(* Let $\mathbb{C}$ be a pointed protomodular category in which centralizers of Bourn-normal monomorphisms exist and are Bourn-normal monomorphisms. Suppose $A$ is an abelian and complete${}^*$ object of $\mathbb{C}$ and $B$ is a strong-complete object of $\mathbb{C}$. If $\hom(B,A)=\{0\}$, then $B\times A$ is complete${}^*$.
   Context: A pointed category with finite limits is protomodular if the split short five lemma holds. Morphisms $f:A'\to X$, $g:B'\to X$ commute if some $\varphi:A'\times B'\to X$ has $\varphi\langle1,0\rangle=f$, $\varphi\langle0,1\rangle=g$; the centralizer $z_f:Z_X(A',f)\to X$ of $f$ is the terminal object among morphisms into $X$ commuting with $f$. An object $A$ is abelian if $1_A$ commutes with $1_A$. A protosplit monomorphism is a kernel of a split epimorphism; a monomorphism $m:S\to Y$ is Bourn-normal if there is an equivalence relation $(R,r_1,r_2)$ on $Y$ and $\tilde m:S\times S\to R$ with $r_1\tilde m=m\pi_1$, $r_2\tilde m=m\pi_2$ and the square $r_1\tilde m=m\pi_1$ a pullback. An object $X$ is complete${}^*$ if every Bourn-normal monomorphism with domain $X$ is a split monomorphism, and strong-complete if every protosplit monomorphism with domain $X$ is a split monomorphism with a unique retraction. *)

Record Category := {
  Ob :> Type;
  Hom : Ob -> Ob -> Type;
  comp : forall {a b c : Ob}, Hom b c -> Hom a b -> Hom a c;
  idm : forall a : Ob, Hom a a;
  comp_assoc : forall a b c d (h : Hom c d) (g : Hom b c) (f : Hom a b),
      comp h (comp g f) = comp (comp h g) f;
  comp_id_l : forall a b (f : Hom a b), comp (idm b) f = f;
  comp_id_r : forall a b (f : Hom a b), comp f (idm a) = f
}.

Arguments Hom {C} : rename.
Arguments comp {C a b c} : rename.
Arguments idm {C} : rename.

Notation "g \o f" := (comp g f) (at level 40, left associativity).

Section Notions.
Variable C : Category.

Definition is_initial (x : C) : Prop := forall y : C, exists! f : Hom x y, True.
Definition is_terminal (x : C) : Prop := forall y : C, exists! f : Hom y x, True.
Definition is_zero_object (Z : C) : Prop := is_initial Z /\ is_terminal Z.

Definition is_zero_mor (Z : C) {x y : C} (f : Hom x y) : Prop :=
  exists (a : Hom x Z) (b : Hom Z y), f = b \o a.

Definition is_iso {x y : C} (f : Hom x y) : Prop :=
  exists g : Hom y x, g \o f = idm x /\ f \o g = idm y.

Definition is_mono {x y : C} (m : Hom x y) : Prop :=
  forall (t : C) (u v : Hom t x), m \o u = m \o v -> u = v.

Definition is_split_mono {x y : C} (m : Hom x y) : Prop :=
  exists r : Hom y x, r \o m = idm x.

Definition is_product (a b P : C) (p1 : Hom P a) (p2 : Hom P b) : Prop :=
  forall (t : C) (f : Hom t a) (g : Hom t b),
    exists! h : Hom t P, p1 \o h = f /\ p2 \o h = g.

Definition is_pullback {a b c P : C} (f : Hom a c) (g : Hom b c)
    (q1 : Hom P a) (q2 : Hom P b) : Prop :=
  f \o q1 = g \o q2 /\
  forall (t : C) (u : Hom t a) (v : Hom t b), f \o u = g \o v ->
    exists! h : Hom t P, q1 \o h = u /\ q2 \o h = v.

Definition has_finite_limits : Prop :=
  (exists T : C, is_terminal T) /\
  forall (a b c : C) (f : Hom a c) (g : Hom b c),
    exists (P : C) (q1 : Hom P a) (q2 : Hom P b), is_pullback f g q1 q2.

Definition is_kernel (Z : C) {k0 a b : C} (k : Hom k0 a) (p : Hom a b) : Prop :=
  is_zero_mor Z (p \o k) /\
  forall (t : C) (g : Hom t a), is_zero_mor Z (p \o g) ->
    exists! h : Hom t k0, k \o h = g.

(* split short five lemma *)
Definition protomodular (Z : C) : Prop :=
  forall (A B K A' B' K' : C)
    (p : Hom A B) (s : Hom B A) (k : Hom K A)
    (p' : Hom A' B') (s' : Hom B' A') (k' : Hom K' A')
    (u : Hom K K') (v : Hom A A') (w : Hom B B'),
    p \o s = idm B -> is_kernel Z k p ->
    p' \o s' = idm B' -> is_kernel Z k' p' ->
    v \o k = k' \o u -> p' \o v = w \o p -> v \o s = s' \o w ->
    is_iso u -> is_iso w -> is_iso v.

(* f : A' -> X and g : B' -> X commute: some phi : A' x B' -> X with
   phi <1,0> = f and phi <0,1> = g *)
Definition commute (Z : C) {A' B' X : C} (f : Hom A' X) (g : Hom B' X) : Prop :=
  exists (P : C) (p1 : Hom P A') (p2 : Hom P B'),
    is_product A' B' P p1 p2 /\
    exists phi : Hom P X,
      (forall i1 : Hom A' P, p1 \o i1 = idm A' -> is_zero_mor Z (p2 \o i1) ->
         phi \o i1 = f) /\
      (forall i2 : Hom B' P, is_zero_mor Z (p1 \o i2) -> p2 \o i2 = idm B' ->
         phi \o i2 = g).

Definition is_centralizer (Z : C) {A' X Zc : C} (f : Hom A' X) (z : Hom Zc X) : Prop :=
  commute Z f z /\
  forall (W : C) (g : Hom W X), commute Z f g ->
    exists! h : Hom W Zc, z \o h = g.

Definition is_abelian (Z : C) (A : C) : Prop := commute Z (idm A) (idm A).

Definition is_equivalence_relation {Y R : C} (r1 r2 : Hom R Y) : Prop :=
  (forall (t : C) (u v : Hom t R), r1 \o u = r1 \o v -> r2 \o u = r2 \o v -> u = v) /\
  (forall (t : C) (a : Hom t Y), exists u : Hom t R, r1 \o u = a /\ r2 \o u = a) /\
  (forall (t : C) (u : Hom t R), exists v : Hom t R, r1 \o v = r2 \o u /\ r2 \o v = r1 \o u) /\
  (forall (t : C) (u v : Hom t R), r2 \o u = r1 \o v ->
     exists w : Hom t R, r1 \o w = r1 \o u /\ r2 \o w = r2 \o v).

Definition is_protosplit_mono (Z : C) {S Y : C} (m : Hom S Y) : Prop :=
  exists (Q : C) (p : Hom Y Q) (s : Hom Q Y), p \o s = idm Q /\ is_kernel Z m p.

Definition is_bourn_normal {S Y : C} (m : Hom S Y) : Prop :=
  is_mono m /\
  exists (P : C) (pi1 pi2 : Hom P S), is_product S S P pi1 pi2 /\
  exists (R : C) (r1 r2 : Hom R Y), is_equivalence_relation r1 r2 /\
  exists mt : Hom P R,
    r1 \o mt = m \o pi1 /\ r2 \o mt = m \o pi2 /\ is_pullback r1 m mt pi1.

Definition is_complete_star (X : C) : Prop :=
  forall (Y : C) (m : Hom X Y), is_bourn_normal m -> is_split_mono m.

Definition is_strong_complete (Z : C) (X : C) : Prop :=
  forall (Y : C) (m : Hom X Y), is_protosplit_mono Z m ->
    exists! r : Hom Y X, r \o m = idm X.

Definition centralizers_of_normal_monos_normal (Z : C) : Prop :=
  forall (S X : C) (m : Hom S X), is_bourn_normal m ->
    exists (Zc : C) (z : Hom Zc X), is_centralizer Z m z /\ is_bourn_normal z.

End Notions.


(* Let m : B x A -> Y be Bourn-normal. As A is abelian, the restriction of m to A
   commutes with m and so factors through the centralizer z of m. Conversely,
   anything lying in both m and z commutes with B inside B x A, and
   strong-completeness of B forces its B-component to vanish; so A is the
   intersection of the Bourn-normal monomorphisms m and z, hence Bourn-normal in Y,
   and completeness of A gives q : Y -> A with q m = p2 (using hom(B, A) = 0).
   Then B is the intersection of m with the kernel of q, so it is Bourn-normal and
   split by some r with r m = p1, and <r, q> is a retraction of m. *)

Section Pointed.
Variable C : Category.
Variable Z : C.
Hypothesis hZ : is_zero_object C Z.

Local Notation is_zero f := (is_zero_mor C Z f).

(* Composites are kept left-associated; [rew_comp H] rewrites [H : f \o g = k] or
   [H : f \o g \o h = k] inside such a chain. *)
Lemma whisker2 {b c d : C} {f : Hom c d} {g : Hom b c} {k : Hom b d} :
  f \o g = k -> forall e (x : Hom d e), x \o f \o g = x \o k.
Proof. intros H e x. now rewrite <- H, comp_assoc. Qed.

Lemma whisker3 {a b c d : C} {f : Hom c d} {g : Hom b c} {h : Hom a b} {k : Hom a d} :
  f \o g \o h = k -> forall e (x : Hom d e), x \o f \o g \o h = x \o k.
Proof. intros H e x. now rewrite <- H, !comp_assoc. Qed.

Ltac simpl_comp :=
  repeat (rewrite comp_assoc || rewrite comp_id_l || rewrite comp_id_r).
Ltac simpl_comp_in H :=
  repeat (rewrite comp_assoc in H || rewrite comp_id_l in H || rewrite comp_id_r in H).
Ltac rew_comp H :=
  simpl_comp; first [rewrite H | rewrite (whisker3 H) | rewrite (whisker2 H)]; simpl_comp.

(** * Zero morphisms, products and kernels *)

Lemma to_zero_unique {x : C} (a a' : Hom x Z) : a = a'.
Proof. destruct (proj2 hZ x) as [a0 [_ U]]. now rewrite <- (U a I), <- (U a' I). Qed.

Lemma from_zero_unique {y : C} (b b' : Hom Z y) : b = b'.
Proof. destruct (proj1 hZ y) as [b0 [_ U]]. now rewrite <- (U b I), <- (U b' I). Qed.

Lemma to_zero (x : C) : inhabited (Hom x Z).
Proof. destruct (proj2 hZ x) as [a _]. exact (inhabits a). Qed.

Lemma from_zero (y : C) : inhabited (Hom Z y).
Proof. destruct (proj1 hZ y) as [b _]. exact (inhabits b). Qed.

Lemma zero_through {x y : C} (a : Hom x Z) (b : Hom Z y) : is_zero (b \o a).
Proof. now exists a, b. Qed.

Lemma zero_mor_unique {x y : C} (f g : Hom x y) : is_zero f -> is_zero g -> f = g.
Proof.
  intros [a [b ->]] [a' [b' ->]].
  now rewrite (to_zero_unique a a'), (from_zero_unique b b').
Qed.

Lemma zero_mor_exists (x y : C) : exists f : Hom x y, is_zero f.
Proof.
  destruct (to_zero x) as [a], (from_zero y) as [b].
  exists (b \o a). apply zero_through.
Qed.

Lemma zero_mor_comp_l {x y w : C} (f : Hom x y) (g : Hom y w) :
  is_zero f -> is_zero (g \o f).
Proof. intros [a [b ->]]. exists a, (g \o b). apply comp_assoc. Qed.

Lemma zero_mor_comp_r {w x y : C} (f : Hom w x) (g : Hom x y) :
  is_zero g -> is_zero (g \o f).
Proof. intros [a [b ->]]. exists (a \o f), b. symmetry. apply comp_assoc. Qed.

Ltac zero_search :=
  first [ assumption | apply zero_through
        | apply zero_mor_comp_r; zero_search | apply zero_mor_comp_l; zero_search
        | rewrite <- comp_assoc; zero_search ].
Ltac zero_tac := simpl_comp; zero_search.
Ltac zero_eq := apply zero_mor_unique; zero_tac.

Lemma iso_idm (x : C) : is_iso C (idm x).
Proof. exists (idm x). split; apply comp_id_l. Qed.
**********
**What to work on**
Your answer should be a single number: the count of lines above that contain the word "inhabits".

**Answer**
2